A good applicant will not wait three days to be told yes. At this lender, that wait was built into the process. Applications moved through manual hand-offs and paper-based underwriting, sitting in one queue after another while staff keyed in data, chased documents, and applied policy by hand. Decisions took days, the cost to process each one was high, and many qualified applicants simply gave up before an answer ever came.

The rules the underwriters applied were, for the most part, consistent and knowable. The bottleneck wasn’t judgment, it was the manual machinery wrapped around it.

The challenge

Could the lender decision the vast majority of applications automatically, in minutes instead of days, at a fraction of the cost, while still routing the genuinely ambiguous cases to a human underwriter with full context?

The approach

We built an origination platform that runs the whole flow: it captures the application, verifies identity and data against the right sources, and applies the underwriting rules automatically. Clean applications are decisioned in under two minutes; only the real edge cases reach an underwriter, and they arrive fully packaged.

01
Automated intake & verification
Applications are captured once and verified against the right data sources automatically, eliminating the re-keying and document chasing that ate the most time.
02
A transparent decisioning engine
The lender’s underwriting policy runs as explicit, auditable rules, so most applications get a consistent decision in minutes, every one explainable.
03
Edge cases to a human, packaged
Ambiguous applications route to an underwriter with the full file and the reasons assembled, so the human spends time judging, not gathering.
04
End-to-end workflow
From submission to verification, decision, and funding, the whole pipeline is tracked in one platform, so nothing stalls in an invisible queue.

Automate the rules, escalate the judgment.

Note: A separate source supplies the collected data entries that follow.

(* The Lagrange-d'Alembert equations in [s] force the multipliers [lambda_a = d p_a / dt]. *)
Lemma nonholonomicE : nonholonomic D I rc sc <->
  on_constraints D I rc sc /\ forall t, I t -> forall al, ld_residual t al = 0.
Proof.
split=> [[Cs [lam eqs]] | [Cs res]].
  split=> // t It al; have [eq_r eq_s] := eqs t It.
  have lamE a : lam a t = 'D_1 (fun u => pS u a) t.
    have := eq_s a; rewrite derive_momS_Lag // pd_Lag_s subr0 => ->.
    by under eq_bigr do rewrite pd_phi_sdot; rewrite sum_delta.
  have := eq_r al; under eq_bigr do rewrite pd_phi_rdot lamE.
  by rewrite derive_momR_Lag // pd_Lag_r_along // => eq_r'; rewrite /ld_residual eq_r' subrr.
split=> //; exists (fun a t => 'D_1 (fun u => pS u a) t) => t It; split=> [al | b].
  rewrite derive_momR_Lag // pd_Lag_r_along //; under eq_bigr do rewrite pd_phi_rdot.
  by apply/eqP; rewrite -subr_eq0; apply/eqP; exact: res.
rewrite derive_momS_Lag // pd_Lag_s subr0.
by under eq_bigr do rewrite pd_phi_sdot; rewrite sum_delta.
Qed.

Definition constraint_momentum (b : 'I_k) (u : R) : R :=
  f (rc u) * \sum_(a < k) ph u a * gSS D (rc u) a b.

Lemma derivable_constraint_momentum t b : I t -> derivable (constraint_momentum b) t 1.
Proof.
move=> It; have [_ [_ [_ [_ [dSS _]]]]] := regD (rc_U It).
have dph a := derivableP (derivable_phi a It).
have dg a := derivableP (derivable_along It (dSS a b)).
exact: (@ex_derive _ _ _ _ _ _ _ (is_derive_mul
  (derivableP (derivable_along It (f_diff (rc_U It))))
  (@is_derive_bigsum R _ k (fun a y => ph y a * gSS D (rc y) a b) t 1 _
     (fun a => is_derive_mul (dph a) (dg a))))).
Qed.

Lemma LV_s_equationE t b : I t ->
  derive1 (fun u => pd (fun w => LV D f (rc u) (sc u) (omR f rc u) w) b (omS f rc sc u)) t
    - f (rc t) * pd (fun y => LV D f (rc t) y (omR f rc t) (omS f rc sc t)) b (sc t)
  = - 'D_1 (constraint_momentum b) t.
Proof.
move=> It; rewrite derive1E [in LHS](near_eq_derive (g := fun u => - constraint_momentum b u)).
  rewrite [X in _ - _ * X]pd_LV_s mulr0 subr0.
  have dcm := is_derive_opp (derivableP (derivable_constraint_momentum b It)).
  by rewrite (@derive_val _ _ _ _ _ _ _ dcm).
near=> u; have Iu : I u by near: u; exact: near_I.
exact: pd_LV_ws_along.
Unshelve. all: by end_near.
Qed.

Lemma LV_momentum_on_constraints t al : on_constraints D I rc sc -> I t ->
  derive1 (fun u => pd (fun w => LV D f (rc u) (sc u) w (omS f rc sc u)) al (omR f rc u)) t
  = 'D_1 (fun u => f (rc u) * (pR u al - \sum_(a < k) pS u a * Acon D (rc u) a al)) t.
Proof.
move=> Cs It; rewrite derive1E; apply: near_eq_derive.
near=> u; have Iu : I u by near: u; exact: near_I.
rewrite pd_LV_wr_along //; congr (_ * (_ - _)); apply: eq_bigr => a _.
by rewrite Cs // mul0r addr0.
Unshelve. all: by end_near.
Qed.

Lemma f_condition_along t al : on_constraints D I rc sc -> I t ->
  'D_1 (fun u => f (rc u)) t * (pR t al - \sum_(a < k) pS t a * Acon D (rc t) a al)
    - pd f al (rc t) * (2 * kin D (rc t) (rdot t) (sdot t))
  = f (rc t) * \sum_(a < k) pS t a * \sum_(be < m) Bc D (rc t) a al be * rdot t 0 be.
Proof.
move=> Cs It; have [symR [symS _]] := regD (rc_U It).
rewrite (@sdot_constrE R m k D _ _ _ (Cs t It)) momentum_constr kin_constr_quad -GmatE //.
under [in RHS]eq_bigr do rewrite momS_constr.
rewrite derive1_comp_curve; first exact: f_condition_quadratic (G_unit It) (fcond It al).
  exact: f_diff (rc_U It).
exact: rc_diff.
Qed.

The underwriter’s time goes to the cases that actually need a human.

The outcome

The platform now decisions most applications automatically in under two minutes, cuts the cost to process each one nearly in half, and keeps far more qualified applicants from dropping out to delay. Underwriters spend their time on the cases that genuinely need it, with the full context in front of them.

Speed and discipline used to trade off. Now the platform delivers both.

The decisioning layer is built to evolve: new policies, data sources, or risk models plug into the same pipeline, and the groundwork is laid for AI-assisted underwriting on the edge cases that still reach a human today.